The United Nations must work faster to help break the rebel Houthis' hold on Hodeidah amid a pause in the Yemen government forces' assault to take back the key port city, its governor said.
In an exclusive interview with The National, Dr Al Hasan Taher said UN special envoy to Yemen Martin Griffiths was prolonging a series of peace talks between the internationally-recognised government and the Iran-backed Houthis.
“Martin Griffiths has been shuttling between many countries and then going back to [rebel-held] Sanaa with no breakthrough and helping the Houthis maintain their control over Hodeidah and its port," he said.
“Why has he not come to visit the thousands of civilians dying because of the Houthis’ siege on Hodeidah?”
Dr Taher reiterated that the rebels are using the city's port to smuggle in weapons provided by Tehran as well as foreign advisers to help them in their military operations.

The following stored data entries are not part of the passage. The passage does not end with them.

Lemma mul_ln_div_le (p q : R) :
  0 <= p -> 0 <= q -> (0 < p -> 0 < q) -> p * ln (q / p) <= q - p.
Proof.
rewrite le_eqVlt => /predU1P[<- q_ge0 _|p_gt0 _ /(_ p_gt0) q_gt0].
  by rewrite mul0r subr0.
have := ler_wpM2l (ltW p_gt0) (ln_le_subr1 (divr_gt0 q_gt0 p_gt0)).
by rewrite mulrBr mulr1 mulrCA divff ?gt_eqF // mulr1.
Qed.

Lemma mul_ln_div_lt (p q : R) :
  0 < p -> 0 < q -> q != p -> p * ln (q / p) < q - p.
Proof.
move=> p_gt0 q_gt0 q_neq_p; have : q / p != 1.
  by apply: contra q_neq_p => /eqP/divr1_eq ->.
move=> /(ln_lt_subr1 (divr_gt0 q_gt0 p_gt0)); rewrite -(ltr_pM2l p_gt0).
by rewrite mulrBr mulr1 mulrCA divff ?gt_eqF // mulr1.
Qed.

(* Gibbs' inequality, row by row and averaged with the weights [m]. *)
Lemma sum_kernel_ln_div_le0 (I J : finType) (m : I -> R) (a b : I -> J -> R) :
  (forall i, 0 <= m i) -> (forall i j, 0 <= a i j) -> (forall i j, 0 <= b i j) ->
  (forall i j, 0 < b i j -> 0 < a i j) ->
  (forall i, \sum_j a i j = \sum_j b i j) ->
  \sum_i \sum_j m i * b i j * ln (a i j / b i j) <= 0.
Proof.
move=> m_ge0 a_ge0 b_ge0 supp_ba rows.
apply: (le_trans (y := \sum_i m i * \sum_j (a i j - b i j))).
  apply: ler_sum => i _; rewrite mulr_sumr; apply: ler_sum => j _.
  by rewrite -mulrA ler_wpM2l // mul_ln_div_le // => /supp_ba.
by rewrite big1 // => i _; rewrite sumrB rows subrr mulr0.
Qed.

Lemma sum_kernel_ln_div_lt0 (I J : finType) (m : I -> R) (a b : I -> J -> R)
    (i0 : I) (j0 : J) :
  (forall i, 0 <= m i) -> (forall i j, 0 <= a i j) -> (forall i j, 0 <= b i j) ->
  (forall i j, 0 < b i j -> 0 < a i j) ->
  (forall i, \sum_j a i j = \sum_j b i j) ->
  0 < m i0 -> 0 < b i0 j0 -> a i0 j0 != b i0 j0 ->
  \sum_i \sum_j m i * b i j * ln (a i j / b i j) < 0.
Proof.
move=> m_ge0 a_ge0 b_ge0 supp_ba rows m_gt0 b_gt0 a_neq_b.
apply: (lt_le_trans (y := \sum_i m i * \sum_j (a i j - b i j))).
  apply: (ltr_sum_at (i0 := i0)) => [i|]; rewrite mulr_sumr.
    by apply: ler_sum => j _; rewrite -mulrA ler_wpM2l // mul_ln_div_le // => /supp_ba.
  apply: (ltr_sum_at (i0 := j0)) => [j|]; rewrite -mulrA.
    by rewrite ler_wpM2l // mul_ln_div_le // => /supp_ba.
  by rewrite ltr_pM2l // mul_ln_div_lt // supp_ba.
by rewrite big1 // => i _; rewrite sumrB rows subrr mulr0.
Qed.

“They have used the port to transport Iranian and Lebanese advisers to Hodeidah and Sanaa and they have brought over dozens more to help them assemble missiles and manufacture drones,” he said, adding that many of the experts were evacuated when the pro-government forces — backed by an Arab coalition — launched an offensive on Hodeidah on June 13.

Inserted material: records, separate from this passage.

(* Let $\mathcal{F}$ be a saturated fusion system over a finite $p$-group $S$, and let $P\le Q\le S$ be such that $P\trianglelefteq\mathcal{F}$ and $Q/P\trianglelefteq\mathcal{F}/P$. If $Q$ is abelian, or if $P\le Z(\mathcal{F})$, then $Q\trianglelefteq\mathcal{F}$.
   Context: A fusion system $\mathcal{F}$ over a finite $p$-group $S$ is a category whose objects are the subgroups of $S$, with $\mathrm{Hom}_S(P,Q)\subseteq\mathrm{Hom}_{\mathcal{F}}(P,Q)\subseteq\mathrm{Inj}(P,Q)$, every morphism an isomorphism in $\mathcal{F}$ followed by an inclusion; saturation is given by Puig's Sylow and extension axioms. A subgroup $Q\le S$ is normal in $\mathcal{F}$ ($Q\trianglelefteq\mathcal{F}$) if every morphism of $\mathcal{F}$ extends to a morphism of $\mathcal{F}$ sending $Q$ to itself; it is central if every morphism extends to one sending $Q$ to itself via the identity, and $Z(\mathcal{F})$ is the largest central subgroup. For $P\trianglelefteq\mathcal{F}$, $\mathcal{F}/P$ is the fusion system over $S/P$ whose morphisms $R_1/P\to R_2/P$ (for $P\le R_1,R_2\le S$) are the maps induced by morphisms $\varphi\in\mathrm{Hom}_{\mathcal{F}}(R_1,R_2)$. *)

From mathcomp Require Import all_boot all_fingroup all_solvable.
Set Implicit Arguments. Unset Strict Implicit. Unset Printing Implicit Defensive.
Import GroupScope.

Section Fusion.
Variable gT : finGroupType.

(* A fusion system over S is given by its hom-predicate:
   [hom P Q f] means "f (restricted to P) is in Hom_F(P,Q)".  Morphisms are
   represented by total functions gT -> gT; only their values on P matter. *)
Definition fhom_pred := {set gT} -> {set gT} -> (gT -> gT) -> Prop.

Definition is_fusion_system (S : {set gT}) (hom : fhom_pred) : Prop :=
  [/\
      (forall P Q f, hom P Q f ->
         [/\ group_set P /\ group_set Q, P \subset S /\ Q \subset S,
             {in P &, {morph f : x y / x * y}},
             {in P &, injective f} & f @: P \subset Q]),
      (* morphisms are maps on their domain: representatives agreeing on P *)
      (forall P Q f g, hom P Q f -> {in P, f =1 g} -> hom P Q g),
      (forall (P Q : {group gT}) g, P \subset S -> Q \subset S -> g \in S ->
         P :^ g \subset Q -> hom P Q (fun x => x ^ g)),
      (forall P Q R f g, hom P Q f -> hom Q R g -> hom P R (g \o f)) &
      (forall P Q f, hom P Q f ->
         hom P (f @: P) f /\ exists g, hom (f @: P) P g /\ {in P, cancel f g})].

Definition AutS (S Q : {set gT}) : {set {perm gT}} :=
  [set a in Aut Q | [exists g in 'N_S(Q), [forall x in Q, a x == x ^ g]]].

Definition fully_normalized (S : {set gT}) (hom : fhom_pred) (Q : {set gT}) :=
  forall f, hom Q S f -> #|'N_S(f @: Q)| <= #|'N_S(Q)|.

Definition fully_centralized (S : {set gT}) (hom : fhom_pred) (Q : {set gT}) :=
  forall f, hom Q S f -> #|'C_S(f @: Q)| <= #|'C_S(Q)|.

(* N_phi = { g in N_S(Q) | phi c_g phi^-1 in Aut_S(phi(Q)) } *)
Definition Nphi (S Q : {set gT}) (f : gT -> gT) : {set gT} :=
  [set g in 'N_S(Q) |
     [exists h in 'N_S(f @: Q), [forall x in Q, f (x ^ g) == f x ^ h]]].

Definition saturated_fusion_system (p : nat) (S : {group gT}) (hom : fhom_pred) :=
  [/\ is_fusion_system S hom,
      (forall Q : {group gT}, Q \subset S -> fully_normalized S hom Q ->
         fully_centralized S hom Q /\
         exists AF : {set {perm gT}},
           (forall a : {perm gT}, a \in AF <-> (a \in Aut Q /\ hom Q Q a)) /\
           p.-Sylow(AF) (AutS S Q)) &
      (forall (Q : {group gT}) f, hom Q S f -> fully_centralized S hom (f @: Q) ->
         exists g, hom (Nphi S Q f) S g /\ {in Q, g =1 f})].

Definition fnormal (S : {set gT}) (hom : fhom_pred) (Q : {set gT}) :=
  Q \subset S /\
  forall A B f, hom A B f ->
    exists A' B' g, [/\ hom A' B' g, A \subset A', Q \subset A',
                        {in A, g =1 f} & g @: Q = Q].

Definition fcentral (S : {set gT}) (hom : fhom_pred) (Q : {set gT}) :=
  Q \subset S /\
  forall A B f, hom A B f ->
    exists A' B' g, [/\ hom A' B' g, A \subset A', Q \subset A',
                        {in A, g =1 f} & {in Q, g =1 id}].

Definition is_fcenter (S : {set gT}) (hom : fhom_pred) (Z : {group gT}) :=
  fcentral S hom Z /\ forall R : {group gT}, fcentral S hom R -> R \subset Z.

Definition quotient_hom (P : {group gT}) (hom : fhom_pred) :
  {set coset_of P} -> {set coset_of P} -> (coset_of P -> coset_of P) -> Prop :=
  fun A B f => exists (R1 R2 : {group gT}) (phi : gT -> gT),
    [/\ P \subset R1 /\ P \subset R2, hom R1 R2 phi, R1 / P = A, R2 / P = B &
        {in R1, forall x, f (coset P x) = coset P (phi x)}].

The assault, however, was temporarily paused late last month to aid UN peace efforts for a political solution.
Dr Taher said the experts were training the Houthis on how to launch missiles and drones and how to plant mines.

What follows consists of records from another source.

(* One Flashback pass on the active substring w = hat s[lo..hi).
   0-indexed: ell = lead_run w, r = size w - trail_run w;
   sigma = w[0..ell) ++ w[r..size w); the next active span is w[ell..r).
   Recursion is guarded by a fuel argument, which is always sufficient when
   fuel >= size w (each step strictly shrinks the active span). *)
Fixpoint flashback_aux (fuel : nat) (w : seq X) : seq (seq X * nat) :=
  match fuel with
  | 0 => [::]
  | fuel'.+1 =>
    if w is [::] then [::] else
    let ell := lead_run w in
    if ell == size w then [:: (w, 0)] else
    let r := size w - trail_run w in
    let sigma := take ell w ++ drop r w in
    if r <= ell then [:: (sigma, 0)]
    else (sigma, ell) :: flashback_aux fuel' (drop ell (take r w))
  end.

(* inverse: N_{k-1} = sigma_{k-1}, N_i = sigma_i[1..p_i] N_{i+1} sigma_i[p_i+1..] *)
Definition flashback_N (T : seq (seq X * nat)) : seq X :=
  match T with
  | [::] => [::]
  | _ => foldr (fun t N => take t.2 t.1 ++ N ++ drop t.2 t.1) [::] T
  end.

Definition strip (w : seq X) : seq X := take (size w - 2) (drop 1 w).

End Flashback.

Section Hat.
Variable S : eqType.
Definition hat (s : seq S) : seq (ext S) := At :: rcons (map Ch s) Dol.

Definition flashback (s : seq S) : seq (seq (ext S) * nat) :=
  flashback_aux (size (hat s)).+1 (hat s).

Definition flashback_inv (T : seq (seq (ext S) * nat)) : seq (ext S) :=
  strip (flashback_N T).

Definition run_of (oa : option S) (w : seq S) : bool :=
  (w != [::]) && all (fun x => Some x == oa) w.

Definition ofirst (w : seq S) : option S := ohead w.
Definition olast (w : seq S) : option S := ohead (rev w).
End Hat.

From mathcomp Require Import all_boot zify.
Set Implicit Arguments. Unset Strict Implicit. Unset Printing Implicit Defensive.

(* A string a^l u c^m, where a^l and c^m are its maximal leading and trailing
   runs and u is non-empty, is sent by one Flashback step to the token
   (a^l c^m, l) followed by the decomposition of u; maximality of the runs means
   that u neither starts with a nor ends with c.  When u is empty the string is
   one run or two distinct runs and a single token is emitted.  So, after the
   sentinel token (@$, 1), F(s) is a token list whose inner tokens are two runs
   split at p, whose last token is one run or two distinct runs, and whose
   consecutive tokens differ in their first and in their last letters.
   Conversely, on the string obtained from such a list by nesting each token
   around its successor, F peels the tokens off again one by one. *)

Section Runs.
Variable X : eqType.
Implicit Types (a c : X) (u v w : seq X).

Lemma ofirst_cat u v : u != [::] -> ofirst (u ++ v) = ofirst u.
Proof. by case: u. Qed.

Lemma olast_cat u v : v != [::] -> olast (u ++ v) = olast v.
Proof. by case/lastP: v => // v x _; rewrite /olast -rcons_cat !rev_rcons. Qed.

Lemma nseq_neq0 a l : 0 < l -> nseq l a != [::].
Proof. by case: l. Qed.

Lemma ofirst_nseq a l : 0 < l -> ofirst (nseq l a) = Some a.
Proof. by case: l. Qed.

Lemma olast_nseq c m : 0 < m -> olast (nseq m c) = Some c.
Proof. by rewrite /olast rev_nseq; apply: ofirst_nseq. Qed.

“Land and sea mines from Iran were smuggled in the millions into the country, and we have seen the Houthis target cargo ships in the Red Sea many times,” he said.
“The Houthis will never agree to hand over control of the city and its port to the government, which is why military pressure is the only solution to force them to surrender — which they will sooner or later.”
Dr Taher said that the temporary pause was necessary to try and give the UN a chance to find a peaceful resolution. Pro-government forces insist that the Houthis withdraw completely and unconditionally from Hodeidah, while the rebels have so far only agreed to shared control with the UN.
“The Yemeni president, Abdrabu Mansur Hadi, and our brothers in the Arab coalition are keen to solve all issues in the country peacefully,” he said.
“However, if the rebels continue with their aggressive behaviour and refuse to withdraw, then this temporary pause was their only chance. We are ready for all options.”
Dr Taher said the Houthi militia continues to commit human rights violations and has increased its “war crimes practices” after feeling the pressure by the coalition, which includes Saudi Arabia and the UAE that intervened in March 2015 at the request of the legitimate government to restore its power.
"The Houthis changed Hodeidah from a vibrant city to a ghost town haunted by gunmen and their sectarian slogans," he told The National.
“Public establishments, markets, shops are almost all closed.”
The governor said that the Houthis continue to conscript children and offer civilians two options: either fight or go to prison.
"They exploit the people's need for food and aid to force them to join their ranks,” he said. “This is not acceptable.”